Da ich jetzt meine Ausbildung in der Schweiz beginne. Ich bin im Tessin im italienischen Teil, weil ich Italienisch spreche. Ich versuche Deutsch zu lernen. Das Krankenhaus, in dem ich anfangen werde, ist in Lugano und ist das einzige Endometriosezentrum im Tessin. Ich werde also Patienten mit Endometriose behandeln, aber hoffentlich ermöglicht es mir auch, etwas wie eine Datenbank zu starten, damit wir Daten über Patienten mit Endometriose analysieren können und andere Wechselwirkungen bestimmen können, die es mit anderen Ergebnissen geben könnte, die man bei Patienten mit Endometriose erwarten kann. Es ist ein sehr breites Netz, aber im Wesentlichen möchte ich weiterhin alles lernen, was ich über diese Erkrankungen kann.

Teresa Götz: Ich denke auch, dass Sie jetzt direkten Kontakt zu den Patienten und der Forschung haben, was eine gute Kombination ist. Meine nächste Frage ist: Was ist Ihre Meinung zur digitalen Selbsthilfe?

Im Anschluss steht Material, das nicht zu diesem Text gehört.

(* For an integer $n\ge 3$, $$l_0^{(n-1)^3}(n^3)=\begin{cases}11, & n=3,\\ (n-1)^3+2, & n\ge 4.\end{cases}$$
   Context: For a positive integer $d$ and integer $m$, define $$u_0^d(m)=\binom{m-\lfloor \frac{d}{2}\rfloor -1}{\lfloor \frac{d-1}{2}\rfloor}+\binom{m-\lfloor \frac{d-1}{2}\rfloor -1}{\lfloor \frac{d}{2}\rfloor},$$ where $\binom{a}{b}=0$ when $a<b$; and for a number $x$, $l_0^d(x)=k$ if and only if $k$ is the integer with $u_0^d(k-1)<x\le u_0^d(k)$. *)

From mathcomp Require Import all_boot all_order all_algebra.
Set Implicit Arguments. Unset Strict Implicit. Unset Printing Implicit Defensive.
Import Order.TTheory GRing.Theory Num.Theory.
Local Open Scope ring_scope.

Definition binz (a : int) (b : nat) : nat :=
  if a < b%:Z then 0%N else 'C(`|a|%N, b).

Definition u0 (d : nat) (m : int) : nat :=
  (binz (m - (d./2)%:Z - 1) (d.-1)./2 + binz (m - ((d.-1)./2)%:Z - 1) d./2)%N.

(* l_0^d(x) = k  iff  u_0^d(k-1) < x <= u_0^d(k). *)
Definition l0_is (d x : nat) (k : int) : Prop :=
  (u0 d (k - 1) < x <= u0 d k)%N.

From mathcomp Require Import all_boot all_order all_algebra zify.
Import Order.TTheory GRing.Theory Num.Theory.
Local Open Scope ring_scope.

(* Since [u0 d] is nondecreasing, [l0_is d x] singles out at most one [k].
   Writing [p = d/2] and [q = (d-1)/2], so that [d = p + q + 1], one gets
   [u0 d (d + t) = C(q + t, q) + C(p + t, p)]; hence [u0 d (d + 1) = d + 1]
   and [u0 d (d + 2) = (p + 1) (q + 2) >= (d + 1) (d + 3) / 4].  Every [x] with
   [d + 1 < x <= (d + 1) (d + 3) / 4] therefore has [l0 = d + 2], and for
   [d = (n - 1)^3], [n >= 4], the cube [n^3] lies in this window.  For [n = 3]
   it does not ([27 > u0 8 10 = 25]) and [l0 = 11] is a direct computation. *)

Lemma binzE (t b : nat) : binz t%:Z b = 'C(t, b).
Proof. by rewrite /binz ltz_nat; case: ltnP => // /bin_small ->. Qed.

Lemma le_binz (z z' : int) (b : nat) : z <= z' -> (binz z b <= binz z' b)%N.
Proof.
rewrite /binz => le_zz'; case: ifP => // z_ge_b.
by case: ifP => [|_]; [lia | apply: leq_bin2l; lia].
Qed.

Lemma le_u0 (d : nat) (m m' : int) : m <= m' -> (u0 d m <= u0 d m')%N.
Proof. by move=> le_mm'; rewrite /u0; apply: leq_add; apply: le_binz; lia. Qed.

Lemma l0_isE (d x : nat) (K : int) : (u0 d (K - 1) < x <= u0 d K)%N ->
  forall k, l0_is d x k <-> k = K.
Proof.
move=> xK k; split=> [/andP[ltx lex] | -> //].
case: (ltgtP k K) => // [lt_kK | lt_Kk].
- by have := @le_u0 d k (K - 1); lia.
- by have := @le_u0 d K (k - 1); lia.
Qed.

Lemma mul2_binSS (n : nat) : (2 * 'C(n.+2, n) = n.+2 * n.+1)%N.
Proof.
have -> : 'C(n.+2, n) = 'C(n.+2, 2) by rewrite -(@bin_sub n.+2 2) ?subSS ?subn0.
by have := mul_bin_diag n.+2 1; rewrite bin1 /=; lia.
Qed.

Section CentralValues.

Variable d : nat.
Hypothesis d_gt0 : (0 < d)%N.

Let p := d./2.
Let q := (d.-1)./2.

Lemma half_halfpred : p = q \/ p = q.+1.
Proof.
rewrite /p /q; case: d d_gt0 => // m _ /=.
by rewrite uphalf_half; case: (odd m); [right | left].
Qed.

Lemma half_add_halfpred : d = (p + q).+1.
Proof.
rewrite /p /q; case: d d_gt0 => // m _ /=.
by have := odd_double_half m; rewrite uphalf_half; lia.
Qed.

Lemma u0_addn (t : nat) : u0 d (d + t)%N = ('C(q + t, q) + 'C(p + t, p))%N.
Proof.
rewrite /u0 -/p -/q half_add_halfpred -!binzE.
by congr (binz _ _ + binz _ _)%N; lia.
Qed.

Lemma u0_addn1 : u0 d (d + 1)%N = d.+1.
Proof.
by rewrite u0_addn !addn1 !binSn; have := half_add_halfpred; lia.
Qed.

Lemma u0_addn2 : u0 d (d + 2)%N = (p.+1 * q.+2)%N.
Proof.
rewrite u0_addn !addn2.
have := mul2_binSS p; have := mul2_binSS q.
by case: half_halfpred => ->; lia.
Qed.

Lemma l0_is_addn2 (x : nat) : (d.+1 < x)%N -> (4 * x <= d.+1 * d.+3)%N ->
  forall k, l0_is d x k <-> k = (d + 2)%N%:Z.
Proof.
move=> lt_x le_x; apply: l0_isE.
have -> : (d + 2)%N%:Z - 1 = (d + 1)%N by lia.
rewrite u0_addn1 u0_addn2 lt_x /=.
by have := half_add_halfpred; case: half_halfpred => ->; nia.
Qed.

End CentralValues.

Theorem corollary7 (n : nat) (hn : (3 <= n)%N) :
  forall k : int,
    l0_is ((n - 1) ^ 3)%N (n ^ 3)%N k <->
    k = (if n == 3%N then 11%N else ((n - 1) ^ 3 + 2)%N)%:Z.
Proof.
case: eqP => [-> | n_neq3]; first by apply: l0_isE; vm_compute.
have [t def_n t_ge3] : exists2 t, n = t.+1 & (3 <= t)%N by exists n.-1; lia.
by rewrite def_n subn1 /=; apply: l0_is_addn2; nia.
Qed.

Dr. Giorgia Elisabeth Colombo: Es ist großartig. Ich habe mir die Endo-App speziell etwas näher angesehen, als Sie mir geschrieben haben. Es scheint eine großartige Ressource für Patienten zu sein. Heutzutage nutzen insbesondere unsere jüngeren Patienten, die tendenziell stärker von diesen Erkrankungen betroffen sind, natürlich ihre Telefone viel. Sie haben immer ihr Telefon dabei, also ist es praktisch.

Zum Beispiel bietet die Endo-App ein Symptomtagebuch, und Sie haben Ihr Telefon dabei, sodass Sie sagen können: „Oh, richtig, dieses Symptom.“ Sie müssen es sich nicht merken. Wenn Sie nach Hause kommen, schreiben Sie es auf. Es ist ein ausgezeichneter Weg, und es ist die Zukunft der Medizin. Es wird eine große Interaktion mit Technologie geben, was bedeutet, dass digitale Behandlung.

Die Endo-App bietet Informationen, aber auch Orte zum Aufzeichnen wie ein separates Symptom-Tracker werden immer häufiger. Dies ist eine sehr positive Sache.

Teresa Götz: Gibt es sonst noch etwas, das Sie mit den von Endometriose Betroffenen teilen möchten?

Dr. Giorgia Colombo: Aus meiner Forschungssicht ist es wichtig, einfach darauf achtsam zu sein und sich selbst zu vertreten. Wenn Sie wissen, dass ein erhöhtes Risiko für Herz-Kreislauf-Erkrankungen besteht, kann es helfen, wenn Sie zum Arzt gehen.

Insbesondere gibt es eine große diagnostische Verzögerung bei der Erstfeststellung. Stellen Sie also sicher, dass Sie sich für sich selbst einsetzen und sich dieser Verbindung bewusst sind, sowie auf Symptome von Herz-Kreislauf-Erkrankungen, psychischer Gesundheit und Ihrer Lebensqualität achten, denn wie wir wissen, werden auch diese durch Endometriose beeinflusst. Lassen Sie also keine Dinge einfach geschehen und stellen Sie sicher, dass Sie die medizinische Aufmerksamkeit erhalten, die Sie benötigen.